Article Tenth of the Registrant’s Certificate of Incorporation, as amended, provides that the Registrant shall, to the fullest extent permitted by law, indemnify any person made or threatened to be made a party to an action or proceeding, whether criminal, civil, administrative or investigative, by reason of the fact that he, his testator or intestate is or was a director, officer or employee of the Registrant or any predecessor of the Registrant or serves or served at any other enterprise as a director, officer or employee at the request of the corporation or any predecessor to the Registrant. Article VI of the Registrant’s Amended and Restated Bylaws, as amended, provides that the Registrant, shall, to the maximum extent and in the manner permitted by the DGCL, indemnify each of its directors and officers against expenses (including attorneys’ fees), judgments, fines, settlements and other amounts actually and reasonably incurred in connection with any proceeding, arising by reason of the fact that such person is or was an agent of the corporation. The Registrant has entered into Indemnification Agreements with its officers and directors with further indemnification to the maximum extent permitted by the DGCL.
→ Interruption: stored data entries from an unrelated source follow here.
Lemma feasible_single m k (i j : 'I_m) s t :
  0 <= s -> 0 <= t -> s + t <= k -> feasible k (single i s) (single j t).
Proof.
move=> s_ge0 t_ge0 st_le_k; rewrite /feasible invested_single.
by do !split=> //; apply: single_ge0.
Qed.

Lemma invested0 m : invested (0 : 'cV[R]_m) 0 = 0.
Proof. by rewrite /invested big1 // => l _; rewrite mxE addr0. Qed.

Lemma feasible0 m k : 0 <= k -> feasible k (0 : 'cV[R]_m) 0.
Proof.
by move=> k_ge0; rewrite /feasible invested0; do !split=> //; move=> l; rewrite mxE.
Qed.

Lemma affine_fun_single m (f : 'cV[R]_m -> R) (i : 'I_m) s : affine_fun f ->
  f (single i s) = f 0 + s * (f (single i 1) - f 0).
Proof.
move=> [a [c fE]]; rewrite !fE /single -!scalemxAr mulmx0 -colE !mxE; ring.
Qed.

Lemma affine_fun_concentrate m (f : 'cV[R]_m -> R) (i0 : 'I_m) (x : 'cV[R]_m) :
  affine_fun f -> (forall l, 0 <= x l 0) ->
  exists i, f x <= f (single i (\sum_l x l 0)).
Proof.
move=> [a [c fE]] x_ge0; pose i := [arg max_(i > i0) a 0 i]%O.
exists i; rewrite !fE lerD2r /single -scalemxAr -colE !mxE mulr_suml.
apply: ler_sum => l _; rewrite mulrC ler_wpM2l //.
by rewrite /i; case: arg_maxP => // j _; apply.
Qed.

Section Biaffine.
Variables (m : nat) (U : 'cV[R]_m -> 'cV[R]_m -> R).
Hypothesis U_affine1 : forall x2, affine_fun (U^~ x2).
Hypothesis U_affine2 : forall x1, affine_fun (U x1).

Lemma biaffine_on_singles i j : exists P Q T W, forall s t,
  U (single i s) (single j t) = P + Q * s + T * t + W * s * t.
Proof.
pose u s t := U (single i s) (single j t).
exists (u 0 0), (u 1 0 - u 0 0), (u 0 1 - u 0 0), (u 1 1 - u 1 0 - u 0 1 + u 0 0).
move=> s t; rewrite /u /= !single0.
have /= -> := affine_fun_single i s (U_affine1 (single j t)).
have -> := affine_fun_single j t (U_affine2 0).
have -> := affine_fun_single j t (U_affine2 (single i 1)).
by ring.
Qed.

Lemma singles_triangle_max k i j : 0 <= k ->
  exists2 s, 0 <= s <= k & forall t1 t2, 0 <= t1 -> 0 <= t2 -> t1 + t2 <= k ->
    U (single i t1) (single j t2) <= Num.max (U 0 0) (U (single i s) (single j (k - s))).
Proof.
move=> k_ge0; have [P [Q [T [W UE]]]] := biaffine_on_singles i j.
by have := biaffine_triangle_max UE k_ge0; rewrite /= !single0.
Qed.

Lemma biaffine_budget_bound k (i0 : 'I_m) : 0 <= k ->
  exists i j, exists2 s, 0 <= s <= k & forall x1 x2, feasible k x1 x2 ->
    U x1 x2 <= Num.max (U 0 0) (U (single i s) (single j (k - s))).
Proof.
move=> k_ge0.
have [s s_in s_max] :=
  fin_all_exists2 (fun p : 'I_m * 'I_m => singles_triangle_max p.1 p.2 k_ge0).
pose val p := U (single p.1 (s p)) (single p.2 (k - s p)).
pose p0 := [arg max_(p > (i0, i0)) val p]%O.
have val_max p : val p <= val p0 by rewrite /p0; case: arg_maxP => // q _; apply.
exists p0.1, p0.2, (s p0) => // x1 x2 [x1_ge0 [x2_ge0]].
rewrite /invested big_split /= => x_le_k.
have [i Ui] := affine_fun_concentrate i0 (U_affine1 x2) x1_ge0.
have [j Uj] := affine_fun_concentrate i0 (U_affine2 (single i (\sum_l x1 l 0))) x2_ge0.
apply: le_trans Ui _; apply: le_trans Uj _.
apply: le_trans (s_max (i, j) _ _ _ _ _) _; rewrite ?sumr_ge0 //.
by rewrite ge_max !le_max lexx (val_max (i, j)) orbT.
Qed.

Lemma biaffine_budget_max k : 0 <= k ->
  exists x1 x2, (feasible k x1 x2 /\
      forall x1' x2', feasible k x1' x2' -> U x1' x2' <= U x1 x2) /\
    (invested x1 x2 = k \/ invested x1 x2 = 0) /\
    at_most_one_node x1 /\ at_most_one_node x2.
Proof.
move=> k_ge0; have [m0|m_gt0] := posnP m.
  have cV0 x : x = 0 :> 'cV[R]_m.
    by apply/matrixP => -[l l_lt_m]; have : (l < 0)%N by rewrite -m0.
  exists 0, 0; split; first split=> [|x1 x2 _]; [exact: feasible0 | by rewrite [x1]cV0 [x2]cV0 |].
  by rewrite invested0; split; [right | split; exact: at_most_one_node0].
have [i [j [s /andP[s_ge0 s_le_k] U_bound]]] := biaffine_budget_bound (Ordinal m_gt0) k_ge0.
have [single_le_zero|zero_lt_single] := lerP (U (single i s) (single j (k - s))) (U 0 0).
  exists 0, 0; split; first split=> [|x1 x2 /U_bound]; [exact: feasible0 | by rewrite max_l |].
  by rewrite invested0; split; [right | split; exact: at_most_one_node0].
exists (single i s), (single j (k - s)); split.
  split=> [|x1 x2 /U_bound]; last by rewrite max_r // ltW.
  by apply: feasible_single; rewrite ?subr_ge0 ?subrKC.
by rewrite invested_single subrKC; split; [left | split; exact: at_most_one_node_single].
Qed.
End Biaffine.

Lemma phase_affine_v n (w : 'M[R]_n) w0 theta x y :
  affine_map (fun v => phase w w0 theta v x y).
Proof.
apply: (affine_map_entrywise (M := Delta w)
  (a := fun i => w0 i 0 + theta i 0 * w0 i 0 * (x i 0 + y i 0) / 2)
  (b := fun i => theta i 0 * (x i 0 - y i 0) / 2)) => v.
by congr (_ *m _); apply/matrixP => i j; rewrite !mxE; ring.
Qed.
The general effect of the foregoing provisions may be to reduce the circumstances in which an officer or director may be required to bear the economic burden of the foregoing liabilities and expense.
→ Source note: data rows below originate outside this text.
Lemma coef_poly_exp_multinomial d j s k : (s <= d)%N ->
  ((\poly_(i < j) X i) ^+ s)`_k =
  \sum_(m : {ffun 'I_j -> 'I_d.+1} | (\sum_(i < j) (m i : nat) == s)%N &&
                                       (\sum_(i < j) i * (m i : nat) == k)%N)
    ((s`! %/ \prod_(i < j) (m i : nat)`!)%N)%:R * \prod_(i < j) X i ^+ (m i : nat).
Proof.
elim: j s k => [|j IH] s k le_sd.
  rewrite poly_ord0 expr0n coefMn coef1.
  under eq_bigl do rewrite !big_ord0.
  under eq_bigr do rewrite !big_ord0 divn1 mulr1.
  case: s le_sd => [|s] _; case: k => [|k] /=; last 3 first.
  - by rewrite big_pred0 ?mulr0n.
  - by rewrite big_pred0 ?mulr0n ?mul0rn.
  - by rewrite big_pred0 ?mulr0n ?mul0rn.
  - by rewrite (eq_bigl xpredT) // sumr_const card_ffun !card_ord.
rewrite coef_poly_expS (big_ord_widen_cond d.+1 (fun r => j * r <= k)%N
  (fun r => ((\poly_(i < j) X i) ^+ (s - r))`_(k - j * r) * X j ^+ r *+ 'C(s, r)))
  ?ltnS //.
rewrite [LHS]big_mkcond [RHS]big_mkcond sum_ffunS /=; apply: eq_bigr => r _.
under eq_bigr => m _ do
  rewrite (big_ffun_rcons _ (fun _ x => nat_of_ord x))
          (big_ffun_rcons _ (fun i x => i * nat_of_ord x)%N)
          (big_ffun_rcons _ (fun _ x => (nat_of_ord x)`!))
          (big_ffun_rcons _ (fun i x => X i ^+ nat_of_ord x)) /=.
case: ifP => [/andP[le_jr_k lt_r_s] | /negbT cond_r]; last first.
  rewrite big1 // => m _; case: ifP => // /andP[/eqP sum_m /eqP wsum_m].
  by move: cond_r; rewrite -sum_m -wsum_m; lia.
rewrite IH; last by lia.
rewrite big_mkcond mulr_suml -sumrMnl; apply: eq_bigr => m _ /=.
set S := (\sum_(i < j) m i)%N.
have -> : (S + r == s)%N = (S == s - r)%N by apply/eqP/eqP; lia.
have -> : (\sum_(i < j) i * m i + j * r == k)%N = (\sum_(i < j) i * m i == k - j * r)%N.
  by apply/eqP/eqP; lia.
have [sum_m|_] := eqVneq S (s - r)%N; last by rewrite mul0r mul0rn.
have [_|_] := eqVneq (\sum_(i < j) i * m i)%N (k - j * r)%N; last first.
  by rewrite mul0r mul0rn.
have -> : s = (S + r)%N by lia.
rewrite divn_fact_addn ?dvdn_prod_fact_sum // addnK natrM /= -mulr_natl.
ring.
Qed.

Lemma coef_poly_exp_stable e j k : (k < j)%N ->
  ((\poly_(i < j) X i) ^+ e)`_k = ((\poly_(i < k.+1) X i) ^+ e)`_k.
Proof.
elim: j => [//|j IH]; rewrite ltnS leq_eqVlt => /predU1P[-> //|lt_kj].
rewrite coef_poly_expS big_mkcond big_ord_recl /= muln0 subn0 subn0 expr0 mulr1 bin0.
rewrite big1 ?addr0 ?IH // => r _; rewrite ifF //; apply/negbTE; rewrite -ltnNge.
by apply: (leq_trans lt_kj); rewrite leq_pmulr.
Qed.

Lemma coef_poly_sqr0 j : (0 < j)%N -> ((\poly_(i < j) X i) ^+ 2)`_0 = X 0 ^+ 2.
Proof. by move=> j_gt0; rewrite expr2 coef0M coef_poly j_gt0. Qed.

Lemma coef_poly_sqr1 j : (1 < j)%N -> ((\poly_(i < j) X i) ^+ 2)`_1 = 2 * X 0 * X 1.
Proof.
move=> j_gt1; rewrite expr2 coefM !big_ord_recr big_ord0 /= subn0 subnn.
by rewrite !coef_poly j_gt1 (ltnW j_gt1); ring.
Qed.

Local Ltac expand_coef :=
  do 5 rewrite ?coef_poly_expS ?big_mkcond ?big_ord_recr ?big_ord0 /=
               ?subSS ?subn0 ?mul1n ?muln1 ?muln0;
  rewrite poly_ord0 !expr0n /= !coefMn !coef1 /= !bin0 !binn ?bin1 -?['C(3, 2)]/3%N.

Lemma coef_poly1_cube0 : ((\poly_(i < 1) X i) ^+ 3)`_0 = X 0 ^+ 3.
Proof. by expand_coef; ring. Qed.

Lemma coef_poly2_cube1 : ((\poly_(i < 2) X i) ^+ 3)`_1 = 3 * X 0 ^+ 2 * X 1.
Proof. by expand_coef; ring. Qed.

Lemma coef_poly3_cube2 :
  ((\poly_(i < 3) X i) ^+ 3)`_2 = 3 * X 0 ^+ 2 * X 2 + 3 * X 0 * X 1 ^+ 2.
Proof. by expand_coef; ring. Qed.

Lemma coef_poly2_cube3 : ((\poly_(i < 2) X i) ^+ 3)`_3 = X 1 ^+ 3.
Proof. by expand_coef; ring. Qed.

Lemma coef_poly_cube_top M : (2 <= M)%N ->
  ((\poly_(i < M.+2) X i) ^+ 3)`_M.+1 =
  ((\poly_(i < M) X i) ^+ 3)`_M.+1 + 3 * X 0 ^+ 2 * X M.+1 + 6 * X 0 * X 1 * X M.
Proof.
move=> M_ge2.
rewrite coef_poly_expS big_mkcond !big_ord_recr big_ord0 /= muln0 muln1 subn0 subnn.
rewrite coef_poly_expS big_mkcond !big_ord_recr big_ord0 /= muln0 muln1 subn0.
have -> : (M.+1 * 2 <= M.+1)%N = false by lia.
have -> : (M.+1 * 3 <= M.+1)%N = false by lia.
have -> : (M * 2 <= M.+1)%N = false by lia.
have -> : (M * 3 <= M.+1)%N = false by lia.
rewrite (_ : M.+1 - M = 1)%N ?coef_poly_sqr0 ?coef_poly_sqr1 //; last by lia.
by rewrite leqnSn ltnSn subn0 /= !bin0 !bin1; ring.
Qed.

End PowerCoefficients.

Lemma Pkj_coef_poly k j (X : nat -> int) :
  Pkj k j X = ((\poly_(i < j) X i) ^+ 3)`_k.
Proof.
rewrite (coef_poly_exp_multinomial _ (d := 3)) //.
by apply: eq_bigr => m _; rewrite natz.
Qed.

Lemma horner_eqz_mod (p : {poly int}) (m : int) n :
  (p.[m] == \sum_(i < n) p`_i * m ^+ i %[mod m ^+ n])%Z.
Proof.
rewrite -{1}(poly_take_drop n p) hornerD hornerM hornerXn horner_poly.
by rewrite eqz_mod_dvd addrC addKr dvdz_mull.
Qed.

Lemma trunc3_horner d n : trunc3 d n = (\poly_(i < n) zd d i).[3].
Proof. by rewrite horner_poly. Qed.

Lemma trunc3S d n : trunc3 d n.+1 = trunc3 d n + zd d n * 3 ^+ n.
Proof. by rewrite /trunc3 big_ord_recr. Qed.

Section CubicCoefficients.
Variables a x : nat -> nat.
Local Notation X := (zd x).
Local Notation A := (zd a).

(* The coefficient of t^s in X(t)^3 + t^3 A(t) X(t). *)
Definition cubic_coef (s : nat) : int :=
  ((\poly_(i < s.+1) X i) ^+ 3)`_s + \sum_(i < s.-2) X (s - 3 - i) * A i.

Lemma cubic_trunc3_mod n :
  (trunc3 x n ^+ 3 + 3 ^+ 3 * trunc3 a n * trunc3 x n ==
     \sum_(s < n) cubic_coef s * 3 ^+ s %[mod 3 ^+ n])%Z.
Proof.
set F := (\poly_(i < n) X i) ^+ 3 + 'X^3 * \poly_(i < n) A i * \poly_(i < n) X i.
have -> : trunc3 x n ^+ 3 + 3 ^+ 3 * trunc3 a n * trunc3 x n = F.[3].
  by rewrite /F !trunc3_horner hornerD horner_exp hornerM hornerM hornerXn.
rewrite (eq_bigr (fun s : 'I_n => F`_s * 3 ^+ s)) ?horner_eqz_mod //.
move=> [s lt_sn] _ /=; congr (_ * _); apply/esym.
rewrite coefD coef_poly_exp_stable // -mulrA coefXnM; congr (_ + _).
case: ltnP => [|le3s]; first by case: s {lt_sn} => [|[|[|]]] //; rewrite big_ord0.
rewrite coefM (_ : s.-2 = (s - 3).+1); last by lia.
apply: eq_bigr => i _; have := ltn_ord i; rewrite !coef_poly mulrC => lt_i.
by rewrite !ifT //; lia.
Qed.

(* The multiples of 3 in the N-th coefficient of X(t)^3 that the paper moves
   into the equation of digit N+1, as recorded by Eterm_cubic_coef. *)
Definition deferred_term (N : nat) : int :=
  match N with
  | 1 => X 0 ^+ 2 * X 1
  | 2 => X 0 ^+ 2 * X 2 + X 0 * X 1 ^+ 2
  | _ => X 0 ^+ 2 * X N + 2 * X 0 * X 1 * X N.-1
  end.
ITEM 7. EXEMPTION FROM REGISTRATION CLAIMED.

Not applicable.

ITEM 8. EXHIBITS.

The Exhibits accompanying this Registration Statement are listed on the accompanying Exhibit Index.

ITEM 9. UNDERTAKINGS.

(a) The undersigned Registrant hereby undertakes:

(1) To file, during any period in which offers or sales are being made, a post-effective amendment to this Registration Statement:

(i) To include any prospectus required by Section 10(a)(3) of the Securities Act;

(ii) To reflect in the prospectus any facts or events arising after the effective date of the Registration Statement (or the most recent post-effective amendment thereof) which, individually or in the aggregate, represent a fundamental change in the information set forth in the Registration Statement. Notwithstanding the foregoing, any increase or decrease in volume of securities offered (if the total dollar value of securities offered would not exceed that which was registered) and any deviation from the low or high end of the estimated maximum offering range may be reflected in the form of prospectus filed with the Commission pursuant to Rule 424(b) if, in the aggregate, the changes in volume and price represent no more than 20% change in the maximum aggregate offering price set forth in the “Calculation of Registration Fee” table in the effective Registration Statement; and

(iii) To include any material information with respect to the plan of distribution not previously disclosed in the Registration Statement or any material change to such information in the Registration Statement;

Provided, however, that paragraphs (a)(1)(i) and (a)(1)(ii) do not apply if the information required to be included in a post-effective amendment by those paragraphs is contained in reports filed with or furnished to the Commission by the Registrant pursuant to Section 13 or Section 15(d) of the Exchange Act that are incorporated by reference in the Registration Statement.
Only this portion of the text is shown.